# Missing Road Dog...please help



## Johnny P (Jan 3, 2013)

My road dog was supposed to show up by greyhound bus on New Years Day in San Marcos, TX after being extradited to Florida, but he wasn't on the bus. When I got a hold of him at 10am he said the bus broke down but wasn't able to stay on the phone and that was all the info I got from him. He wasn't on the evening bus either and he is now not answering his phone nor responding to texts. 
We had been in pretty constant communication up until that point. 

So...if anybody along the I-10 corridor and up the I-35 corridor runs into a dirty kid named Chris who is wearing a Green Carhart coat, black carhart pants, has a scraggly red beard and big glasses, is about 5'2", He has a green external fram pack with a washboard strapped on the back....tell that fucker to call Johnny Pain ASAP. 
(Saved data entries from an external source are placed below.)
(* For a in T^n, the coefficients in the last variable of f, shifted by a and read at
   j, form a univariate polynomial vanishing to order m - |j| on T. *)
Lemma mvanish_lead_coef_muni n m (f : {mpoly E[n.+1]}) : (0 < size T)%N ->
  mvanish T m f -> mvanish T (m - (size (muni f)).-1 %/ size T) (lead_coef (muni f)).
Proof.
move=> T_gt0 Vf a aT j lt_j_m; set P := muni f.
have [->|P_neq0] := eqVneq P 0; first by rewrite lead_coef0 /mshift mmap0 mcoeff0.
have size_P : size P = (size P).-1.+1 by rewrite prednK // size_poly_gt0.
pose h := \poly_(k < size P) (mshift a P`_k)@_j.
have -> : (mshift a (lead_coef P))@_j = h`_(size P).-1.
  by rewrite coef_poly {2}size_P ltnSn.
suff -> : h = 0 by rewrite coef0.
apply: (@poly_mroots_eq0 _ T (m - mdeg j)) => // [tau tau_T i lt_i|].
  rewrite (coef_comp_poly_widen _ _ (N := size P)) ?size_poly //.
  have xjoin_T k : xjoin a tau k \in T by case: (unliftP ord_max k) => [k' ->|->];
    rewrite ?xjoin_max // /xjoin liftK.
  have lt_ji_m : (mdeg (mjoin j i) < m)%N by rewrite mdeg_mjoin -ltn_subRL.
  rewrite -[RHS](Vf _ xjoin_T _ lt_ji_m).
  rewrite mcoeff_mshift_mjoin xjoin_max; apply: eq_bigr => k _.
  by rewrite coef_poly ltn_ord (@eq_mshift _ _ _ a) // => l; rewrite xjoin_widen.
apply: leq_trans (size_poly _ _) _; rewrite size_P.
apply: leq_trans (ltn_ceil _ T_gt0) _; apply: leq_mul => //.
by move: lt_j_m; rewrite ltn_subRL addnC -ltn_subRL.
Qed.

Lemma mvanish_eq0 n m (f : {mpoly E[n]}) :
  mvanish T m f -> (msize f <= m * size T)%N -> f = 0.
Proof.
elim: n m f => [|n IH] m f Vf size_f.
  have /msize1_polyC f_const : (msize f <= 1)%N.
    rewrite msizeE; apply/bigmax_leqP_seq => j _ _.
    by rewrite (_ : j = 0%MM) ?mdeg0 //; apply/mnmP => [[]].
  case: m Vf size_f => [|m] Vf size_f.
    by apply/eqP; rewrite -msize_poly_eq0 -leqn0.
  have no_coords (x : 'I_0 -> E) i : x i \in T by case: i.
  have := Vf _ (no_coords (fun _ => 0)) 0%MM.
  by rewrite f_const mdeg0 /mshift mmapC mcoeffC eqxx mulr1 => ->.
have [T0|T_gt0] := posnP (size T).
  by apply/eqP; rewrite -msize_poly_eq0 -leqn0 -(muln0 m) -T0.
apply/eqP; apply: contraTT size_f => f_neq0; rewrite -ltnNge.
have lc_neq0 : lead_coef (muni f) != 0.
  rewrite lead_coef_eq0; apply: contra f_neq0 => /eqP P0; apply/eqP/mpolyP => mm.
  by rewrite -(mfrontK mm) -mcoeff_coef_muni P0 coef0 !mcoeff0.
have lc_big : ((m - (size (muni f)).-1 %/ size T) * size T < msize (lead_coef (muni f)))%N.
  rewrite ltnNge; apply: contra lc_neq0.
  by move/(IH _ _ (mvanish_lead_coef_muni T_gt0 Vf)) ->.
have lc_small : (msize (lead_coef (muni f)) <= msize f - (size (muni f)).-1)%N :=
  msize_coef_muni f _.
have := leq_trunc_div (size (muni f)).-1 (size T).
move: lc_big lc_small; set q := (_ %/ _)%N; set t := (size _).-1.
set lc := msize (lead_coef _); set N := size T; clearbody q t lc N; clear.
nia.
Qed.

End MultiplicitySchwartzZippel.

Section MpolyOfCoef.
Variables (n d : nat) (R : nzRingType).

Definition mpoly_of_coef (c : 'X_{1..n < d.+1} -> R) : {mpoly R[n]} :=
  \sum_w c w *: 'X_[bmnm w].

Lemma mcoeff_mpoly_of_coef c w : (mpoly_of_coef c)@_(bmnm w) = c w.
Proof.
rewrite raddf_sum (bigD1 w) //= mcoeffZ mcoeffX eqxx mulr1 big1 ?addr0 // => w' ne.
by rewrite mcoeffZ mcoeffX -bmeqP (negbTE ne) mulr0.
Qed.

Lemma msize_mpoly_of_coef c : (msize (mpoly_of_coef c) <= d.+1)%N.
Proof.
apply: leq_trans (msize_sum _ _ _) _; apply/bigmax_leqP_seq => w _ _.
by apply: leq_trans (msizeZ_le _ _) _; rewrite msizeX; exact: bmdeg.
Qed.

End MpolyOfCoef.

Lemma map_mpoly_of_coef n d (R S : nzRingType) (phi : {rmorphism R -> S})
    (c : 'X_{1..n < d.+1} -> R) :
  map_mpoly phi (mpoly_of_coef c) = mpoly_of_coef (phi \o c).
Proof.
by rewrite raddf_sum; apply: eq_bigr => w _; rewrite /= map_mpolyZ map_mpolyX.
Qed.

Lemma col_mx_rank_neq2 (F : fieldType) n (a b : 'rV[F]_n) : \rank (col_mx a b) != 2%N ->
  exists w c1 c2, a = c1 *: w /\ b = c2 *: w.
Proof.
move=> rank_neq2; have [->|a_neq0] := eqVneq a 0.
  by exists b, 0, 1; rewrite scale0r scale1r.
suff /sub_rVP [c ->] : (b <= a)%MS by exists a, 1, c; rewrite scale1r.
have a_sub : (a <= col_mx a b)%MS by rewrite -addsmxE addsmxSl.
have rank_ab : \rank (col_mx a b) = 1%N.
  have := mxrankS a_sub; rewrite rank_rV a_neq0 => rank_ge1.
  by apply/eqP; rewrite eqn_leq rank_ge1 andbT -ltnS ltn_neqAle rank_neq2 rank_leq_row.
have : (col_mx a b <= a)%MS by rewrite -(mxrank_leqif_sup a_sub).2 rank_ab rank_rV a_neq0.
by rewrite col_mx_sub => /andP [].
Qed.

Section Points.
Variable K : finFieldType.
Local Notation A := {poly {poly K}}.

Definition cP : {rmorphism K -> A} := @polyC {poly K} \o @polyC K.
Definition t1P : A := ('X : {poly K})%:P.
Definition t2P : A := 'X.
Definition tpt (ab : K * K) : A := cP ab.1 * t1P + cP ab.2 * t2P.
Definition ptP n (u v : 'rV[K]_n) : 'I_n -> A := fun i => tpt (u 0 i, v 0 i).

Lemma pt_tofrac n (u v : 'rV[K]_n) : pt u v =1 @tofrac A \o ptP u v.
Proof. by move=> i; rewrite /pt /ptP /tpt /= rmorphD !rmorphM. Qed.

Definition subst_t (s1 s2 : A) : {rmorphism A -> A} :=
  horner_eval s2 \o map_poly (horner_eval s1 \o map_poly cP).

Lemma subst_t_cP s1 s2 c : subst_t s1 s2 (cP c) = cP c.
Proof. by rewrite /= map_polyC /= map_polyC /= !horner_evalE !hornerC. Qed.

Lemma subst_t_t1 s1 s2 : subst_t s1 s2 t1P = s1.
Proof. by rewrite /= map_polyC /= map_polyX /= !horner_evalE hornerC hornerX. Qed.

Lemma subst_t_t2 s1 s2 : subst_t s1 s2 t2P = s2.
Proof. by rewrite /= map_polyX !horner_evalE hornerX. Qed.

Lemma subst_t_ptP n (u v : 'rV[K]_n) (c11 c12 c21 c22 : K) :
  subst_t (tpt (c11, c12)) (tpt (c21, c22)) \o ptP u v =1
  ptP (c11 *: u + c21 *: v) (c12 *: u + c22 *: v).
Proof.
move=> i; rewrite /ptP /tpt /comp rmorphD !rmorphM !subst_t_cP subst_t_t1 subst_t_t2.
by rewrite !mxE !rmorphD !rmorphM /=; ring.
Qed.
I'm startin' to get a bit worried about this kid. 

Thanks for your help


----------



## kokomojoe (Jan 3, 2013)

Hopefully it's just some weird coincidence. I hate hearing about people going missing.


----------



## Johnny P (Jan 7, 2013)

Still MIA....i doubt he is dead I woulda heard from his mother...he either lost his phone which is somehow still charged, not going direct to voicemail, or he is incarcerated...it's quite mysterious.


----------



## Johnny P (Jan 8, 2013)

Ok...somehow he managed to get arrested. Atl east he ain't dead


----------